* _Assignment_
Reproduce the records in full. Alter nothing.

Stored data:
§ §

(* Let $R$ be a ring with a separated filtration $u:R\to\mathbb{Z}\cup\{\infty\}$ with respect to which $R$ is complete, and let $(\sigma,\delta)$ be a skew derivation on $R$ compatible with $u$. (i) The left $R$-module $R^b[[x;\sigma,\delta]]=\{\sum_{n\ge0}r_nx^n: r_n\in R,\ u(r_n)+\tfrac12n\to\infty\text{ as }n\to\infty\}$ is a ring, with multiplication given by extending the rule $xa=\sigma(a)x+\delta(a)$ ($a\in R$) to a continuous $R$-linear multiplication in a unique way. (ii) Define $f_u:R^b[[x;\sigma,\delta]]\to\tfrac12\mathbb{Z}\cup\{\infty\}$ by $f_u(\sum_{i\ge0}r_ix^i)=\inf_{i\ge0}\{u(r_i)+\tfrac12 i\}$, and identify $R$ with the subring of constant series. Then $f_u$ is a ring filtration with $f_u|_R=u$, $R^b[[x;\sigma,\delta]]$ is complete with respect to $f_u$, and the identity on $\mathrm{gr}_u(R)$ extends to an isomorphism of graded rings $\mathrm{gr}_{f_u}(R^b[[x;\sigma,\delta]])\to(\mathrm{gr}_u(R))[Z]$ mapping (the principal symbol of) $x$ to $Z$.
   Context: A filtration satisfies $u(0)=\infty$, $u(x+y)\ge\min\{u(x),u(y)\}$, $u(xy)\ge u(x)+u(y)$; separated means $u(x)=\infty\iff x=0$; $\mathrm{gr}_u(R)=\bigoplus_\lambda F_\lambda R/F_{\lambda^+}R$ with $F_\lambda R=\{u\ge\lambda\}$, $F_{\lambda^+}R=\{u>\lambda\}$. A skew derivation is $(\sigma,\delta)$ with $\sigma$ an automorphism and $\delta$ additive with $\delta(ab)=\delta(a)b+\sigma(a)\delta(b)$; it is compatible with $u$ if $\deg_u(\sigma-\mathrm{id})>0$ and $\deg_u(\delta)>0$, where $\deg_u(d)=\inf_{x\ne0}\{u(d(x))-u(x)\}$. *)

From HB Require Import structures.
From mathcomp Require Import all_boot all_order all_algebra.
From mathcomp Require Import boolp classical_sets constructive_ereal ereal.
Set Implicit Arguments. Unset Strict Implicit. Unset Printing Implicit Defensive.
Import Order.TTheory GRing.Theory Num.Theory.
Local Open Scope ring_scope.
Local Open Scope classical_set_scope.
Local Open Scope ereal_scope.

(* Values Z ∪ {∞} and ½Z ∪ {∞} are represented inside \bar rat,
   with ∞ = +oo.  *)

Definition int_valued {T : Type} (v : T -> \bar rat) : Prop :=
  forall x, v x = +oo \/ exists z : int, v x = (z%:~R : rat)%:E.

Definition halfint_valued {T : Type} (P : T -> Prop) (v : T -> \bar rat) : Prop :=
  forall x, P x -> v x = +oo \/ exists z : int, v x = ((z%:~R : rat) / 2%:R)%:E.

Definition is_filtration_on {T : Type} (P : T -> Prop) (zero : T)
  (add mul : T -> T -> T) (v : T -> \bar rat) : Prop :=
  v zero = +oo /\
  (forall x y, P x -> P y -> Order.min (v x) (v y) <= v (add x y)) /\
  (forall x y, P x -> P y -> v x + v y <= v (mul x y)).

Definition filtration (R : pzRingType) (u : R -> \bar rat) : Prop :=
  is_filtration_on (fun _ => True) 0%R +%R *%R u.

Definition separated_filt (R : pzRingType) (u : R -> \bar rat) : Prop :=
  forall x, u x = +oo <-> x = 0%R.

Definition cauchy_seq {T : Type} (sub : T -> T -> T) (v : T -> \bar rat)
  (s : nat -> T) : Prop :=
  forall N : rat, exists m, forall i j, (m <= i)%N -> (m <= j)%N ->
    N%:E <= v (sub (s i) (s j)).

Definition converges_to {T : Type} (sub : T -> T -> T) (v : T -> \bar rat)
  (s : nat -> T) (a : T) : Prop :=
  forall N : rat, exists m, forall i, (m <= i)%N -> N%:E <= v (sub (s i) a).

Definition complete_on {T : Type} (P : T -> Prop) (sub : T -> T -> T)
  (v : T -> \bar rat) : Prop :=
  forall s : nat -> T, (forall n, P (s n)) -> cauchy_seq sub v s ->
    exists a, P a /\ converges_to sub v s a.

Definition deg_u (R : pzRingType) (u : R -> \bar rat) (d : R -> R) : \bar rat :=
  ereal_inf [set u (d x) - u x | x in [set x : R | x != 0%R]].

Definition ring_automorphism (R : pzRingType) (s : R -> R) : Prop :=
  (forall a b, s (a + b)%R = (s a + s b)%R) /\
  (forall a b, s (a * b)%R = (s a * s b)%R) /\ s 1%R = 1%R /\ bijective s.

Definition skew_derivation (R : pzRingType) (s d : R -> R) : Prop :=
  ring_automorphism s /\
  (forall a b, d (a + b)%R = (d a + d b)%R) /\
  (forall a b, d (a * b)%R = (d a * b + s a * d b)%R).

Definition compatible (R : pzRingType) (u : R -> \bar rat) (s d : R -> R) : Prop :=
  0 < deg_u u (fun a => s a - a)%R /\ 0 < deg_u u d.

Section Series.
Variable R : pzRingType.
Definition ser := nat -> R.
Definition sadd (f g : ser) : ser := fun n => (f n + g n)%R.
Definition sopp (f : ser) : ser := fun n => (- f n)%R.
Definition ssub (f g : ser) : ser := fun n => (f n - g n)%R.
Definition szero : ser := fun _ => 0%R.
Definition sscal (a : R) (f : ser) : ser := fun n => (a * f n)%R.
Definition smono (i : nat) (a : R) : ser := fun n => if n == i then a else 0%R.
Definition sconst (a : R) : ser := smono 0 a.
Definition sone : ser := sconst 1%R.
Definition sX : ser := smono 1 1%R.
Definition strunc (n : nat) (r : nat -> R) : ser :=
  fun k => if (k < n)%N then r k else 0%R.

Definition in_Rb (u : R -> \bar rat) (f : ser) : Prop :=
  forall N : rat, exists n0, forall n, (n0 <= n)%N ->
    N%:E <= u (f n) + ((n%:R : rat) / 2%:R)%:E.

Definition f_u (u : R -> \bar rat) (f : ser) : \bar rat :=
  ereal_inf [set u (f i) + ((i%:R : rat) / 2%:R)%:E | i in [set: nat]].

§ §

* _Answer for this exercise_
(* Let $R$ be a ring with a separated filtration $u:R\to\mathbb{Z}\cup\{\infty\}$ with respect to which $R$ is complete, and let $(\sigma,\delta)$ be a skew derivation on $R$ compatible with $u$. (i) The left $R$-module $R^b[[x;\sigma,\delta]]=\{\sum_{n\ge0}r_nx^n: r_n\in R,\ u(r_n)+\tfrac12n\to\infty\text{ as }n\to\infty\}$ is a ring, with multiplication given by extending the rule $xa=\sigma(a)x+\delta(a)$ ($a\in R$) to a continuous $R$-linear multiplication in a unique way. (ii) Define $f_u:R^b[[x;\sigma,\delta]]\to\tfrac12\mathbb{Z}\cup\{\infty\}$ by $f_u(\sum_{i\ge0}r_ix^i)=\inf_{i\ge0}\{u(r_i)+\tfrac12 i\}$, and identify $R$ with the subring of constant series. Then $f_u$ is a ring filtration with $f_u|_R=u$, $R^b[[x;\sigma,\delta]]$ is complete with respect to $f_u$, and the identity on $\mathrm{gr}_u(R)$ extends to an isomorphism of graded rings $\mathrm{gr}_{f_u}(R^b[[x;\sigma,\delta]])\to(\mathrm{gr}_u(R))[Z]$ mapping (the principal symbol of) $x$ to $Z$.
   Context: A filtration satisfies $u(0)=\infty$, $u(x+y)\ge\min\{u(x),u(y)\}$, $u(xy)\ge u(x)+u(y)$; separated means $u(x)=\infty\iff x=0$; $\mathrm{gr}_u(R)=\bigoplus_\lambda F_\lambda R/F_{\lambda^+}R$ with $F_\lambda R=\{u\ge\lambda\}$, $F_{\lambda^+}R=\{u>\lambda\}$. A skew derivation is $(\sigma,\delta)$ with $\sigma$ an automorphism and $\delta$ additive with $\delta(ab)=\delta(a)b+\sigma(a)\delta(b)$; it is compatible with $u$ if $\deg_u(\sigma-\mathrm{id})>0$ and $\deg_u(\delta)>0$, where $\deg_u(d)=\inf_{x\ne0}\{u(d(x))-u(x)\}$. *)

From HB Require Import structures.
From mathcomp Require Import all_boot all_order all_algebra.
From mathcomp Require Import boolp classical_sets constructive_ereal ereal.
Set Implicit Arguments. Unset Strict Implicit. Unset Printing Implicit Defensive.
Import Order.TTheory GRing.Theory Num.Theory.
Local Open Scope ring_scope.
Local Open Scope classical_set_scope.
Local Open Scope ereal_scope.

(* Values Z ∪ {∞} and ½Z ∪ {∞} are represented inside \bar rat,
   with ∞ = +oo.  *)

Definition int_valued {T : Type} (v : T -> \bar rat) : Prop :=
  forall x, v x = +oo \/ exists z : int, v x = (z%:~R : rat)%:E.

Definition halfint_valued {T : Type} (P : T -> Prop) (v : T -> \bar rat) : Prop :=
  forall x, P x -> v x = +oo \/ exists z : int, v x = ((z%:~R : rat) / 2%:R)%:E.

Definition is_filtration_on {T : Type} (P : T -> Prop) (zero : T)
  (add mul : T -> T -> T) (v : T -> \bar rat) : Prop :=
  v zero = +oo /\
  (forall x y, P x -> P y -> Order.min (v x) (v y) <= v (add x y)) /\
  (forall x y, P x -> P y -> v x + v y <= v (mul x y)).

Definition filtration (R : pzRingType) (u : R -> \bar rat) : Prop :=
  is_filtration_on (fun _ => True) 0%R +%R *%R u.

Definition separated_filt (R : pzRingType) (u : R -> \bar rat) : Prop :=
  forall x, u x = +oo <-> x = 0%R.

Definition cauchy_seq {T : Type} (sub : T -> T -> T) (v : T -> \bar rat)
  (s : nat -> T) : Prop :=
  forall N : rat, exists m, forall i j, (m <= i)%N -> (m <= j)%N ->
    N%:E <= v (sub (s i) (s j)).

Definition converges_to {T : Type} (sub : T -> T -> T) (v : T -> \bar rat)
  (s : nat -> T) (a : T) : Prop :=
  forall N : rat, exists m, forall i, (m <= i)%N -> N%:E <= v (sub (s i) a).

Definition complete_on {T : Type} (P : T -> Prop) (sub : T -> T -> T)
  (v : T -> \bar rat) : Prop :=
  forall s : nat -> T, (forall n, P (s n)) -> cauchy_seq sub v s ->
    exists a, P a /\ converges_to sub v s a.

Definition deg_u (R : pzRingType) (u : R -> \bar rat) (d : R -> R) : \bar rat :=
  ereal_inf [set u (d x) - u x | x in [set x : R | x != 0%R]].

Definition ring_automorphism (R : pzRingType) (s : R -> R) : Prop :=
  (forall a b, s (a + b)%R = (s a + s b)%R) /\
  (forall a b, s (a * b)%R = (s a * s b)%R) /\ s 1%R = 1%R /\ bijective s.

Definition skew_derivation (R : pzRingType) (s d : R -> R) : Prop :=
  ring_automorphism s /\
  (forall a b, d (a + b)%R = (d a + d b)%R) /\
  (forall a b, d (a * b)%R = (d a * b + s a * d b)%R).

Definition compatible (R : pzRingType) (u : R -> \bar rat) (s d : R -> R) : Prop :=
  0 < deg_u u (fun a => s a - a)%R /\ 0 < deg_u u d.

Section Series.
Variable R : pzRingType.
Definition ser := nat -> R.
Definition sadd (f g : ser) : ser := fun n => (f n + g n)%R.
Definition sopp (f : ser) : ser := fun n => (- f n)%R.
Definition ssub (f g : ser) : ser := fun n => (f n - g n)%R.
Definition szero : ser := fun _ => 0%R.
Definition sscal (a : R) (f : ser) : ser := fun n => (a * f n)%R.
Definition smono (i : nat) (a : R) : ser := fun n => if n == i then a else 0%R.
Definition sconst (a : R) : ser := smono 0 a.
Definition sone : ser := sconst 1%R.
Definition sX : ser := smono 1 1%R.
Definition strunc (n : nat) (r : nat -> R) : ser :=
  fun k => if (k < n)%N then r k else 0%R.

Definition in_Rb (u : R -> \bar rat) (f : ser) : Prop :=
  forall N : rat, exists n0, forall n, (n0 <= n)%N ->
    N%:E <= u (f n) + ((n%:R : rat) / 2%:R)%:E.

Definition f_u (u : R -> \bar rat) (f : ser) : \bar rat :=
  ereal_inf [set u (f i) + ((i%:R : rat) / 2%:R)%:E | i in [set: nat]].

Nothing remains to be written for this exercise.